Now that I have my personal bias out of the way, let me make the arguments that go beyond this bias: namely that the field as a whole is starting to adopt the term “data science” and that the adoption of this new terminology has several benefits to the overall field:
- It inherently broadens the understanding of the field by those outside the field, and more accurately fully encompasses the type of research that Society members are doing.
- It potentially can lead to greater rigor by thinking more philosophically about what it means to be a science, and this in turn could help the field of science as whole better understand itself.
- It potentially can lead to greater ethics within the discipline by more closely following social science ethical standards, such as increased use of institutional review boards (IRBs).
- It potentially can lead to more adoption of data science within the field of education and more funding for projects that utilize data science methodologies to improve education.
- It might help avoid the field from getting wrapped in negative connotations that have come from the use of big data for ethically questionable purposes such as that of the NSA and big business.
Let’s start with looking at the trends of the field as a whole. First, it is clearly early to make complete predictions about which terminology will become most used. For example, a search of Google Trends of the terms “data mining” and “data science”  shows the following:
On the surface this data does not seem to suggest that “data science” will be more commonly used than “data mining”. Especially given that the Google’s forecast shows more of a parallel than a surge in the use of the term “data science”. But, what I think is important to see in this data, is that the news headlines that Google Trends chose to show for the two search terms shows a density of articles in 2013 for “data science”, while “data mining” has not been as dense, thus suggesting that a change is afoot.
This potential for change can be seen in what key leaders are saying. Tim O’Reilly, of O’Reilly Media, wrote in Forbes that “Data Scientist” is now the hottest job title in Silicon Valley. He has backed up his conviction by releasing a slurry of books about data science within the past few months and having several marketing campaigns targeted at data scientists. Further, the Harvard Business Review has said that data scientist is the “sexiest job of the 21st century”. An intentional change of IEDMS’s name would have it join the league of these other leaders; where it would be leading the trend, not following it.
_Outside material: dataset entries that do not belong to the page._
(* Let $n\geqslant2$ be even. Then either $R[n/2]$ has maximal size among all rainbows on $\{0,\dots,n\}$, or both $R[0]$ and $R[n]$ have maximal size among all rainbows on $\{0,\dots,n\}$.
   Context: An arc is a pair $\underline{x}\to\underline{y}$ of integers $0\leqslant x<y\leqslant n$, with weight $\binom{n}{x,\,y-x,\,n-y}=\frac{n!}{x!(y-x)!(n-y)!}$. A rainbow on $\{0,\dots,n\}$ is a set of arcs $\{\underline{x_i}\to\underline{y_i}\}_{0\leqslant i\leqslant m}$ with $x_0<x_1<\dots<x_m<y_m<\dots<y_0$; its size is the sum of the weights of its arcs. For $n$ even and $0\leqslant x\leqslant n$, $R[x]$ denotes the unique rainbow with $\frac n2$ arcs whose set of endpoints is $\{0,\dots,n\}\setminus\{x\}$. *)

From mathcomp Require Import all_boot.
Set Implicit Arguments. Unset Strict Implicit. Unset Printing Implicit Defensive.

(* An arc x -> y is a pair (x, y) of naturals with 0 <= x < y <= n. *)
Definition arc_weight (n : nat) (a : nat * nat) : nat :=
  n`! %/ ((a.1)`! * (a.2 - a.1)`! * (n - a.2)`!).

(* A rainbow on {0..n}: a nonempty list of arcs [(x_0,y_0); ...; (x_m,y_m)]
   with x_0 < x_1 < ... < x_m < y_m < ... < y_0 <= n. *)
Definition nested (p q : nat * nat) : bool := (p.1 < q.1) && (q.2 < p.2).

Definition is_rainbow (n : nat) (s : seq (nat * nat)) : bool :=
  [&& s != [::], sorted nested s & all (fun a => (a.1 < a.2) && (a.2 <= n)) s].

Definition rainbow_size (n : nat) (s : seq (nat * nat)) : nat :=
  sumn [seq arc_weight n a | a <- s].

(* R[x] for n even: the unique rainbow with n/2 arcs whose endpoint set is
   {0..n} \ {x}: list the remaining points increasingly as l_0 < ... < l_{n-1}
   and take the arcs l_i -> l_{n-1-i} for i < n/2. *)
Definition R_points (n x : nat) : seq nat := [seq i <- iota 0 n.+1 | i != x].

Definition R_rainbow (n x : nat) : seq (nat * nat) :=
  [seq (nth 0 (R_points n x) i, nth 0 (R_points n x) (n.-1 - i)) | i <- iota 0 n./2].

Definition max_size (n : nat) (s : seq (nat * nat)) : Prop :=
  forall t, is_rainbow n t -> rainbow_size n t <= rainbow_size n s.

(* An arc of length b = y - x has weight 'C(n, b) * 'C(n - b, x), which is at most
   M(b) = 'C(n, b) * 'C(n - b, (n - b)/2), with equality for arcs centred in {0..n}.
   The arcs of a rainbow are strictly nested, so their lengths drop by at least 2 and
   its size is at most the sum of M over a 2-separated subset of {1..n}.
   Since M(b+1) (b+1) = M(b) ceil((n - b)/2), M is unimodal, and for a unimodal weight
   the heaviest 2-separated subset of {1..m} is one of the two parity classes
   {m, m-2, ...} and {m-1, m-3, ...}. For n even, R[n/2] consists of centred arcs of
   lengths n, n-2, ..., 2, and R[0], R[n] of centred arcs of lengths n-1, ..., 3, 1. *)

From mathcomp Require Import all_boot zify.
Set Implicit Arguments. Unset Strict Implicit. Unset Printing Implicit Defensive.

Lemma leq_bin_succ m x : x < m./2 -> 'C(m, x) <= 'C(m, x.+1).
Proof.
move=> lt_x_half; rewrite -(@leq_pmul2l x.+1) // mul_bin_left leq_mul2r.
by apply/orP; right; lia.
Qed.

Lemma leq_bin_half m x : 'C(m, x) <= 'C(m, m./2).
Proof.
wlog le_x_half : x / x <= m./2.
  move=> bin_le; case: (leqP x m./2) => [|lt_half_x]; first exact: bin_le.
  case: (leqP x m) => [le_xm | /bin_small-> //].
  by rewrite -bin_sub //; apply: bin_le; lia.
suff bin_le d : x + d <= m./2 -> 'C(m, x) <= 'C(m, x + d).
  by have := bin_le (m./2 - x); rewrite subnKC //; apply.
elim: d => [|d IHd] le_xd_half; first by rewrite addn0.
by rewrite addnS (leq_trans (IHd _)) ?leq_bin_succ //; lia.
Qed.

Lemma mul_bin_half_pred c : c * 'C(c.-1, c.-1./2) = uphalf c * 'C(c, c./2).
Proof.
case: c => [|c] //=.
have -> : 'C(c, c./2) = 'C(c, uphalf c).
  case: (boolP (odd c)) => odd_c; first by rewrite -bin_sub; [congr 'C(_, _)|]; lia.
  by congr 'C(_, _); lia.
have := mul_bin_down c.+1 (uphalf c); rewrite /= => ->.
by congr (_ * _); lia.
Qed.

Lemma arc_weight_bin n x y : x <= y <= n ->
  arc_weight n (x, y) = 'C(n, y - x) * 'C(n - (y - x), x).
Proof.
case/andP=> le_xy le_yn; rewrite /arc_weight /=.
have fact_n := @bin_fact n (y - x); have fact_nb := @bin_fact (n - (y - x)) x.
have -> : n - y = n - (y - x) - x by lia.
rewrite -fact_n -?fact_nb; try lia.
set A := 'C(n, y - x); set B := 'C(n - (y - x), x).
set a := x`!; set b := (y - x)`!; set c := (n - (y - x) - x)`!.
have -> : A * (b * (B * (a * c))) = A * B * (a * b * c) by lia.
by rewrite mulnK // !muln_gt0 !fact_gt0.
Qed.

Definition unimodal (f : nat -> nat) :=
  forall a b, a <= b -> f b < f b.+1 -> f a <= f a.+1.

Section ParitySums.

Variable f : nat -> nat.

Definition parity_sum m := \sum_(i < uphalf m) f (m - i.*2).

Definition parity_bound m := maxn (parity_sum m) (parity_sum m.-1).

Lemma parity_sum0 : parity_sum 0 = 0.
Proof. by rewrite /parity_sum big_ord0. Qed.

Lemma parity_sumS m : parity_sum m.+1 = f m.+1 + parity_sum m.-1.
Proof.
case: m => [|m]; first by rewrite /parity_sum big_ord_recl big_ord0.
rewrite /parity_sum /= big_ord_recl /=.
by congr (_ + _); apply: eq_bigr => i _; congr f; lia.
Qed.

Lemma leq_parity_sum_pred m :
  (forall a, a < m -> f a <= f a.+1) -> parity_sum m.-1 <= parity_sum m.
Proof.
elim/ltn_ind: m => [[|[|m]]] // IHm rising; first by rewrite parity_sum0.
rewrite !parity_sumS /= leq_add ?rising ?IHm // => a lt_am.
by apply: rising; lia.
Qed.

Lemma parity_bound_homo : {homo parity_bound : a b / a <= b}.
Proof.
apply: homo_leq => [//|b a c|m]; first exact: leq_trans.
rewrite /parity_bound geq_max leq_maxr /=.
case: m => [|m]; first by rewrite parity_sum0.
by rewrite parity_sumS leq_max leq_addl.
Qed.

Hypothesis f_unimodal : unimodal f.

Lemma parity_bound_step m : f m.+1 + parity_bound m.-1 <= parity_bound m.+1.
Proof.
rewrite /parity_bound parity_sumS /=.
case: (leqP (parity_sum m.-2) (parity_sum m.-1)) => [_ | sum_lt]; first exact: leq_maxl.
case: m sum_lt => [|m] sum_lt; first by rewrite ltnn in sum_lt.
case: (leqP (f m.+2) (f m.+1)) => [fall | rise].
  by rewrite parity_sumS leq_max leq_add2r fall orbT.
have rising a : a < m -> f a <= f a.+1 by move=> lt_am; apply: (f_unimodal _ rise); lia.
by have := leq_parity_sum_pred rising; rewrite leqNgt sum_lt.
Qed.

Lemma sum_separated_le s m :
  sorted [rel a b | b.+1 < a] s -> all [pred b | 0 < b <= m] s ->
  \sum_(b <- s) f b <= parity_bound m.
Proof.
elim: s m => [|b s IHs] m sorted_bs /=; first by rewrite big_nil.
case/andP=> /andP[b_gt0 le_bm] bounded_s.
rewrite big_cons (leq_trans _ (parity_bound_homo le_bm)) //.
case: b b_gt0 sorted_bs {le_bm} => // b _ sorted_bs.
apply: leq_trans (parity_bound_step b); rewrite leq_add2l IHs ?(path_sorted sorted_bs) //.
have gap_trans : transitive [rel a b : nat | b.+1 < a] by move=> y x z /=; lia.
have below_b := order_path_min gap_trans sorted_bs.
apply/allP => c c_s; have := allP below_b c c_s; have := allP bounded_s c c_s; rewrite /=.
lia.
Qed.

End ParitySums.

Definition peak_weight n b := 'C(n, b) * 'C(n - b, (n - b)./2).

Lemma arc_weight_le_peak n a : a.1 <= a.2 <= n ->
  arc_weight n a <= peak_weight n (a.2 - a.1).
Proof.
by case: a => x y /= bounds; rewrite arc_weight_bin // leq_mul2l leq_bin_half orbT.
Qed.

Lemma arc_weight_balanced n x y : x <= y <= n -> n - y - x <= 1 -> x - (n - y) <= 1 ->
  arc_weight n (x, y) = peak_weight n (y - x).
Proof.
move=> /andP[le_xy le_yn] bal_l bal_r; rewrite arc_weight_bin ?le_xy // /peak_weight.
case: (leqP x (n - y)) => [le_x_ny | lt_ny_x]; first by congr (_ * 'C(_, _)); lia.
by rewrite -(@bin_sub (n - (y - x)) x); [congr (_ * 'C(_, _)) | ]; lia.
Qed.

Lemma peak_weight_ratio n b : b < n ->
  peak_weight n b.+1 * b.+1 = peak_weight n b * uphalf (n - b).
Proof.
move=> lt_bn; rewrite /peak_weight subnS mulnAC [_ * b.+1]mulnC mul_bin_left.
by rewrite -mulnA mulnCA mul_bin_half_pred [uphalf _ * _]mulnC mulnA.
Qed.

Lemma peak_weight_unimodal n : unimodal (peak_weight n).
Proof.
move=> a b le_ab rise_b.
have lt_bn : b < n.
  rewrite ltnNge; apply: contraTN rise_b => le_nb.
  by rewrite /peak_weight (@bin_small n b.+1).
have lt_b_half : b.+1 < uphalf (n - b).
  rewrite ltnNge; apply: contraTN rise_b => le_half_b; rewrite -leqNgt.
  rewrite -(leq_pmul2r (ltn0Sn b)) peak_weight_ratio // leq_mul2l le_half_b orbT //.
rewrite -(leq_pmul2r (ltn0Sn a)) peak_weight_ratio; last lia.
by rewrite leq_mul2l; apply/orP; right; lia.
Qed.

Lemma rainbow_size_le_parity_bound n t :
  is_rainbow n t -> rainbow_size n t <= parity_bound (peak_weight n) n.
Proof.
case/and3P=> _ sorted_t arcs_t; rewrite /rainbow_size sumnE big_map.
apply: (@leq_trans (\sum_(a <- t) peak_weight n (a.2 - a.1))).
  rewrite big_seq_cond [leqRHS]big_seq_cond; apply: leq_sum => a /andP[a_t _].
  by apply: arc_weight_le_peak; have /andP[] := allP arcs_t a a_t; lia.
rewrite -(big_map (fun a => a.2 - a.1) xpredT); apply: sum_separated_le.
  exact: peak_weight_unimodal.
rewrite sorted_map; apply: sub_in_sorted arcs_t sorted_t => p q _.
  by rewrite unfold_in => /andP[lt_q _] /andP[] /=; lia.
apply/allP=> _ /mapP[a a_t ->] /=.
by have /andP[] := allP arcs_t a a_t; lia.
Qed.

Lemma R_points_half k : R_points k.*2 k = iota 0 k ++ iota k.+1 k.
Proof.
rewrite /R_points -addnn -addnS iotaD filter_cat /= eqxx /=.
by congr (_ ++ _); apply/all_filterP/allP => i; rewrite mem_iota; lia.
Qed.

Lemma R_points_first n : R_points n 0 = iota 1 n.
Proof. by rewrite /R_points /=; apply/all_filterP/allP => i; rewrite mem_iota; lia. Qed.

Lemma R_points_last n : R_points n n = iota 0 n.
Proof.
rewrite /R_points -addn1 iotaD filter_cat /= eqxx cats0.
by apply/all_filterP/allP => i; rewrite mem_iota; lia.
Qed.

Lemma rainbow_size_R n x : rainbow_size n (R_rainbow n x) =
  \sum_(i < n./2) arc_weight n (nth 0 (R_points n x) i, nth 0 (R_points n x) (n.-1 - i)).
Proof.
rewrite /rainbow_size -map_comp sumnE big_map.
by rewrite -{1}[n./2]subn0 -/(index_iota 0 _) big_mkord.
Qed.

Lemma rainbow_size_R_half k :
  rainbow_size k.*2 (R_rainbow k.*2 k) = parity_sum (peak_weight k.*2) k.*2.
Proof.
rewrite rainbow_size_R doubleK /parity_sum uphalf_double; apply: eq_bigr => -[i /= lt_ik] _.
rewrite R_points_half !nth_cat size_iota lt_ik ifF; last lia.
rewrite !nth_iota ?arc_weight_balanced; try lia.
by congr peak_weight; lia.
Qed.

Lemma rainbow_size_R_first k :
  rainbow_size k.*2 (R_rainbow k.*2 0) = parity_sum (peak_weight k.*2) k.*2.-1.
Proof.
rewrite rainbow_size_R doubleK /parity_sum.
have -> : uphalf k.*2.-1 = k by lia.
apply: eq_bigr => -[i /= lt_ik] _.
rewrite R_points_first !nth_iota ?arc_weight_balanced; try lia.
by congr peak_weight; lia.
Qed.

Lemma rainbow_size_R_last k :
  rainbow_size k.*2 (R_rainbow k.*2 k.*2) = parity_sum (peak_weight k.*2) k.*2.-1.
Proof.
rewrite rainbow_size_R doubleK /parity_sum.
have -> : uphalf k.*2.-1 = k by lia.
apply: eq_bigr => -[i /= lt_ik] _.
rewrite R_points_last !nth_iota ?arc_weight_balanced; try lia.
by congr peak_weight; lia.
Qed.

Theorem lemma5p13 (n : nat) (Hn : 2 <= n) (Heven : ~~ odd n) :
  max_size n (R_rainbow n n./2) \/
  (max_size n (R_rainbow n 0) /\ max_size n (R_rainbow n n)).
Proof.
have [k ->] : exists k, n = k.*2.
  by exists n./2; rewrite -[LHS]odd_double_half (negbTE Heven).
rewrite doubleK; have := @rainbow_size_le_parity_bound k.*2; rewrite /parity_bound.
set f := peak_weight k.*2.
case: (leqP (parity_sum f k.*2.-1) (parity_sum f k.*2)) => _ bound;
  [left | right; split] => t /bound;
  by rewrite ?rainbow_size_R_half ?rainbow_size_R_first ?rainbow_size_R_last.
Qed.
Changing the name to International Educational Data Science Society would have other potential benefits from the inherent connotation of the word “science” vs. the word “mining”. While it is clear that IEDMS currently supports and publishes only rigorous scientific works, there is something to be said for the inherent connection to rigorous thought that comes from being labeled as a “science”.
Further, there is potentially greater benefit to the entire field of science by having a greater recognition of the methodologies of data mining being scientific. This might especially be the case in the philosophy of science: While Karl Popper’s ideas led to a more nuanced understanding of science as one of falsification, he still generally rejected inductive reasoning. A Bayesian philosophy of science has been emerging since the 20th century, but could be strengthened further by data scientists (data miners), who use Bayesian methods on a regular basis, adding their voice to the philosophical dialogue.
While I believe the arguments I have made thus far are strong, the most important reason goes back to the more subjective nature of brand identity. Just as I think the name change of the organization would improve my personal brand identity on my CV, I think the name change of the organization would also improve its brand identity. The term “data mining” initially had connotations of finding gold within data, and that is still an important purpose of data science. But the connotation of the term now has changed where due to other organizations use (or potential misuse) of data mining techniques, the term is being sullied in the eyes of the general public. Specifically the NSA’s activities of spying has been labeled “data mining” by news organizations with headlines like “Secret U.S. Court Allowed Internet Data Mining After Violations”. Further, big businesses that may compromise ethics for profits are also connected with data mining, which has also has led to negative connotations of the term. It is clear that this has already hurt educational data scientists, as the recent “victory” by parents against data mining in Colorado demonstrates.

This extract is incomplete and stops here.